За час до свидания они явились в назначенный английский бар, где сразу оглохли от рока. Plus tard *, сказал Люсьен официанту, а он заказал стакан воды. Водопроводной. Брюссель уже остоебенел. Устал - не то слово, ещё до выезда он изнурён был гибнущим своим романом, а сейчас, перекурившему до омерзения, ему хотелось только встать под душ, чтоб смыть остывший пот, но ещё ему хотелось есть. Вместо этого он вынужден был переживать удары рока по барабанным перепонкам, израненным машинкой Ай-Би-Эм.

- Пардон? - переспросил он.

- Как она выглядит?

- Какая разница.

- Да, но как мы опознаем?

Алексей усмехнулся. Парижское издание его романа, стоящее в семье товарища на видном месте, украшено фотопортретом небритого автора (signe * Бернадетт Мацкевич).

- Она, - сказал он, - опознает.

Побарабанив по столу, Люсьен поднялся и ушёл - проверить, не завалялось ли в машине мелочи.

Всё дело в том, что Люсьен писатель тоже, но - без книги. Когда они с ним познакомились в кафе перед Агенством новостей, Алексей только в кошмарах видел первый свой роман, тогда как у Люсьена он уже был - сырая рукопись того, что могло бы стать конгениальным французским аналогом On the road *. Пока он, принятый за новость про Алексея на работу, давал пьяные клятвы довести своё произведение до публикабельного вида и победного конца, Алексей кончил свой первый и, никому не показывая, запер в чемодан, после чего сел за второй, который и вышел со всеми их парижскими фанфарами. За это время зарплата журналиста Люсьена поднялась до заветного "кирпича" (une brique *, говорят по-французски, он получает "кирпич" в месяц), но Керуаком он не стал, убедив себя с активной помощью Бернадетт, что отдел новостей лучше, чем журавль в небе - или что они в таких случаях говорят. Алексей пил воду, испытывая сожаление по поводу преуспевающего друга.
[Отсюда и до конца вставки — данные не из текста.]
Lemma transport_elem_mono : minj e ->
  forall X (x : Rep (D 0%N) X), elem_ker transport_elem x -> x = 0.
Proof.
move=> e_inj X x; rewrite /elem_ker -transport_elemE => /e_inj phi_x.
by rewrite -(proj2 (phi_psi _) X x) // phi_x mor0.
Qed.

Lemma transport_ker : (0 < m)%N -> mexact (d 0%N) e ->
  generated_by (elem_ker transport_elem) (transport_map 0%N : Rep (D 0%N) (D 1%N)).
Proof.
move=> m_gt0 [ed ker_e] X x; rewrite /elem_ker -transport_elemE; split.
- case/ker_e=> w dw; exists (psi 1%N X w).
  by rewrite /= -transport_mapE (proj1 (phi_psi _)) // dw (proj2 (phi_psi _)).
- by case=> z <-; rewrite /= -transport_mapE (proj1 (phi_psi _)).
Qed.

Lemma transport_exact i : (i.+1 < m)%N -> mexact (d i.+1) (d i) ->
  cexact (transport_map i.+1) (transport_map i).
Proof.
move=> i_lt [dd ker_d]; have i_le : (i <= m)%N by rewrite ltnW // ltnW.
split=> [|X h].
- by rewrite -transport_mapE (proj1 (phi_psi _)) ?dd ?mor0 // ltnW.
- rewrite -transport_mapE => psi_h.
  have : d i X (phi i.+1 X h) = 0 by rewrite -[LHS](proj1 (phi_psi i_le) X) psi_h mor0.
  case/ker_d=> w dw; exists (psi i.+2 X w).
  by rewrite -transport_mapE (proj1 (phi_psi _)) // dw (proj2 (phi_psi _)) // ltnW.
Qed.

Lemma transport_mono k : (k < m)%N -> minj (d k) -> cexact_zero_left (transport_map k).
Proof.
move=> k_lt d_inj X h; rewrite -transport_mapE => psi_h.
have : d k X (phi k.+1 X h) = 0 by rewrite -[LHS](proj1 (phi_psi (ltnW k_lt)) X) psi_h mor0.
by move/d_inj=> phi_h; rewrite -(proj2 (phi_psi k_lt) X h) phi_h mor0.
Qed.
End RepResolutionOfResolution.

Section Resolutions.
Variable C : AddCat.
Implicit Types M : Mod C.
В неопубликованном его романе остались погребённые заживо юные бунтари, и девочка-подросток по имени Сад, и как они собирают грибы в провинции, надеясь вытянуть оттуда ЛСД, и сцены с родителями, и финальное бегство в Катманду. Как можно жить с такой могилой? Глядя на обтянутый зад вошедшей в бар особы в ковбойских сапогах, он думал, что может быть, для Люсьена и к лучшему - бегство супруги. Не исключено, что, бросив так или иначе обречённый на провал проект с триллером, которых французы писать не умеют, извлечёт он из старого польского сундука свою юношескую рукопись.

Особа повернулась.

Под распахнутой чёрной курткой расстёгнутая блузка из индийского шёлка показывала отсутствие лифчика, но, несмотря на это, и на расшитые бисером голенища, на пояс с серебром и мексиканской бирюзой, на джинсы, впрочем, тонкие и дорогие, и обтягивающие так, что сквозь бледно-зелёную ткань по обе стороны от застёжки вздувались лабиа мажорис, - женщина была высокого полёта. Иссиня-чёрные локоны, можно сказать, по-шопеновски обрамляли матовой белизны лицо интеллектуалки. Озираясь, она наощупь расстегнула сумку, вынула сигареты, зажигалку и задержала взгляд на Алексее.
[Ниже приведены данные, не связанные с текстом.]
(* Let $T_1$ and $T_2$ be $\pi$-increasing trees with disjoint vertex-sets, with $T_1$ irreducible. For $i=1,2$, let $m_i$ be the maximum element of $V(T_i)$. Let $v_2$ be a vertex of $T_2$ with $v_2<m_1$, and let $T=\mathrm{spl}(T_1,m_1;T_2,v_2)$. (a) If $m_1>m_2$, then $T$ is reducible; more precisely, $G_{m_1}(T)$ is the disjoint union $G_{m_1}(T_1)\sqcup G_{v_2}(T_2)$. (b) If $m_1<m_2$ and $T_2$ is irreducible, then $T$ is irreducible.
   Context: Standing assumptions: $r\ge2$ and $\pi$ is a set partition of $\{1,\dots,r\}$ having $\{1\}$ as a block; its blocks are $\pi_1,\dots,\pi_k$ with maxima $\mu_i=\max\pi_i$; $\pi^x$ denotes the block containing $x$. An unordered increasing tree is a rooted tree on distinct positive integers, sons unordered, each son larger than its father. A $\pi$-increasing tree is an unordered increasing tree $T$ whose vertex-set is a union of blocks of $\pi$ and such that for any two elements $i<j$ of a same block of $\pi$ contained in $V(T)$, $i$ is an ancestor of $j$ in $T$. $v$-decomposition: for a vertex $v$ of $T$ with chain $a_1<\dots<a_\ell=v$ from the root to $v$, removing the chain edges leaves components $T^{(a_j)}$ rooted at $a_j$. Splice: for unordered increasing trees $T_1,T_2$ with disjoint vertex-sets and $v_1\in V(T_1)$, $v_2\in V(T_2)$, $v_1>v_2$, $\mathrm{spl}(T_1,v_1;T_2,v_2)$ is the tree on $V(T_1)\cup V(T_2)$ obtained by merging the root-to-$v_1$ chain of $T_1$ and the root-to-$v_2$ chain of $T_2$ into one increasing chain (root = smallest element, ending at $v_1$) and attaching at each chain vertex its component from the $v_1$-decomposition of $T_1$ or the $v_2$-decomposition of $T_2$. $v$-dependence graph $G_v(T)$ of a $\pi$-increasing tree $T$: directed graph whose vertices are the blocks of $\pi$ contained in $V(T)$; for each such block $\pi_i$ whose maximum $\mu_i$ is not on the chain $a_1,\dots,a_\ell$ from the root to $v$, $\mu_i$ is a non-root vertex of a unique $T^{(a_j)}$ and there is an edge (possibly a loop) from $\pi_i$ to $\pi^{a_j}$; no other edges. A $\pi$-increasing tree with maximum vertex $M$ is irreducible if $G_M(T)$ is connected (ignoring directions), reducible otherwise. *)

From mathcomp Require Import all_boot.
Set Implicit Arguments. Unset Strict Implicit. Unset Printing Implicit Defensive.

(* Ground set {1,...,r} is represented inside 'I_(r.+1) (0 is never used). *)
Definition ground (r : nat) : {set 'I_r.+1} := [set i : 'I_r.+1 | 0 < i].

(* A rooted tree with labelled vertices, given by its vertex set and a
   parent function (meaningful only on non-root vertices of V). *)
Record ptree (n : nat) := PTree { V : {set 'I_n}; par : 'I_n -> 'I_n }.
Arguments PTree {n}.

Section Trees.
Variable n : nat.
Implicit Types (T : ptree n.+1) (u v a : 'I_n.+1).

Definition root T : 'I_n.+1 := [arg min_(i < ord0 in V T) (i : nat)].
Definition vmax T : 'I_n.+1 := [arg max_(i > ord0 in V T) (i : nat)].

(* unordered increasing tree: nonempty, every non-root vertex has a
   parent in V which is smaller than it (hence root = min V and the
   parent map defines a rooted tree) *)
Definition increasing_tree T : Prop :=
  V T != set0 /\
  forall v, v \in V T -> v != root T -> (par T v \in V T) /\ (par T v < v).

Definition up T (x : 'I_n.+1) : 'I_n.+1 := if x == root T then x else par T x.

Definition anc T a v : bool := [exists k : 'I_n.+2, iter k (up T) v == a].

Definition chain T v : {set 'I_n.+1} := [set a in V T | anc T a v].

Definition spl T1 v1 T2 v2 : ptree n.+1 :=
  let C := chain T1 v1 :|: chain T2 v2 in
  PTree (V T1 :|: V T2)
    (fun u => if u \in C then [arg max_(a > u | (a \in C) && (a < u)) (a : nat)]
              else if u \in V T1 then par T1 u else par T2 u).
End Trees.

Section PiTrees.
Variable r : nat.
Implicit Types (P : {set {set 'I_r.+1}}) (T : ptree r.+1) (v : 'I_r.+1).

Definition blocks P T : {set {set 'I_r.+1}} := [set B in P | B \subset V T].

Definition pi_increasing P T : Prop :=
  [/\ increasing_tree T,
      V T = \bigcup_(B in blocks P T) B &
      forall B, B \in blocks P T -> forall i j, i \in B -> j \in B ->
        i < j -> anc T i j].

(* edge B -> C of the v-dependence graph G_v(T) *)
Definition gedge P T v (B C : {set 'I_r.+1}) : bool :=
  (B \in blocks P T) &&
  [exists m in B, [forall x in B, x <= m] && (m \notin chain T v) &&
     [exists a in chain T v,
        [&& anc T a m,
            [forall a' in chain T v, anc T a' m ==> (a' <= a)] &
            C == pblock P a]]].

Definition gconnected P T v : Prop :=
  forall B C, B \in blocks P T -> C \in blocks P T ->
    connect (fun X Y => gedge P T v X Y || gedge P T v Y X) B C.

Definition irreducible P T : Prop := gconnected P T (vmax T).
Definition reducible P T : Prop := ~ irreducible P T.
End PiTrees.

From mathcomp Require Import all_boot.
Set Implicit Arguments. Unset Strict Implicit. Unset Printing Implicit Defensive.

(* In T = spl(T1,v1;T2,v2) the merged chain C = chain T1 v1 :|: chain T2 v2
   becomes the chain from the root to v1, and every other vertex u of T_i stays
   attached to the same vertex e of its old chain; its new ancestors are its
   old ones plus the vertices of the other chain lying below e.  Hence
   G_v1(T) = G_v1(T1) + G_v2(T2), and no edge joins a block of T1 to a block
   of T2: this is (a).  For (b), let c be the vertex of chain T2 v2 to which
   m2 = max T hangs.  Edges of G_m2(T2) survive in G_m2(T); an edge of G_m1(T1)
   either survives or has both endpoints pointing to the block of c, and so
   does the block of m1 since c <= v2 < m1.  The block of c therefore links
   the connected graphs G_m1(T1) and G_m2(T2). *)

(* [root] and [vmax] are arg-extrema with default index [ord0], which need not
   be a vertex. *)
Lemma extremum_default (T : eqType) (I : finType) (ord : rel T) (i0 x : I)
    (P : pred I) (F : I -> T) :
  reflexive ord -> transitive ord -> total ord -> P x ->
  extremum ord i0 P F = extremum ord x P F.
Proof.
move=> ord_refl ord_trans ord_total Px; rewrite /extremum; case: pickP => [//|no_i].
have [i Pi min_i] := extremumP F ord_refl ord_trans ord_total Px.
have /negP[] := negbT (no_i i); rewrite /= Pi; apply/forall_inP; exact: min_i.
Qed.

Lemma arg_minn_inP (I : finType) (i0 x : I) (P : pred I) (F : I -> nat) :
  P x -> extremum_spec leq P F (arg_min i0 P F).
Proof.
move=> Px; rewrite /arg_min (extremum_default _ _ _ _ _ Px) //.
- exact: arg_minnP.
- exact: leq_trans.
- exact: leq_total.
Qed.

Lemma arg_maxn_inP (I : finType) (i0 x : I) (P : pred I) (F : I -> nat) :
  P x -> extremum_spec geq P F (arg_max i0 P F).
Proof.
move=> Px; rewrite /arg_max (extremum_default _ _ _ _ _ Px) //.
- exact: arg_maxnP.
- exact: leqnn.
- by move=> ? ? ? /= le1 le2; apply: leq_trans le2 le1.
- by move=> ? ?; apply: leq_total.
Qed.

Lemma ord_ltn_ind m (Q : 'I_m -> Prop) :
  (forall u : 'I_m, (forall w : 'I_m, w < u -> Q w) -> Q u) -> forall u, Q u.
Proof.
move=> IH; suff QS k (u : 'I_m) : u < k -> Q u by move=> u; apply: (QS u.+1).
elim: k u => [//|k IHk] u lt_uk; apply: IH => w lt_wu.
by apply: IHk; apply: leq_trans lt_wu lt_uk.
Qed.

Section FconnectOrder.
Variables (T : finType) (f : T -> T).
Чёрные глаза сверкнули, когда он поднял руку. Она порывисто шагнула к нему. Поднявшись, он обнаружил, что одного с ней роста.

- Вы это он?

Стиснув ему руку, она её не выпускала, пока Алексей не предложил ей сесть.

- Нет, нет! - перебила Аннабель, - это не место, я просто боялась, поскольку не была уверена, что вы знаете город. Я покажу вам нечто совсем другое, мы сейчас пойдём...

Вернувшись, Люсьен запнулся и сделал глаза, но у столика, представленный, обрёл светское выражение. Сразу стало ясно, что с Аннабель они свои, одного круга, и французское самовыражение Алексея по сравнению с их искромётностью было мычанием дебила, впрочем, Генри Миллер, говорили ему, сумел сделать из своего французского косноязычия стиль общения, и на него французы, наверное, смотрели точно так же - сиянием очей. В котором Алексей повёл себя надмирно, предоставляя им обоим обсуждать детали маршрута, а потом, будучи настоящим другом, сохранил верность "рено", тогда как Аннабель рванула с места в "порше" - двухместном, белом и открытом.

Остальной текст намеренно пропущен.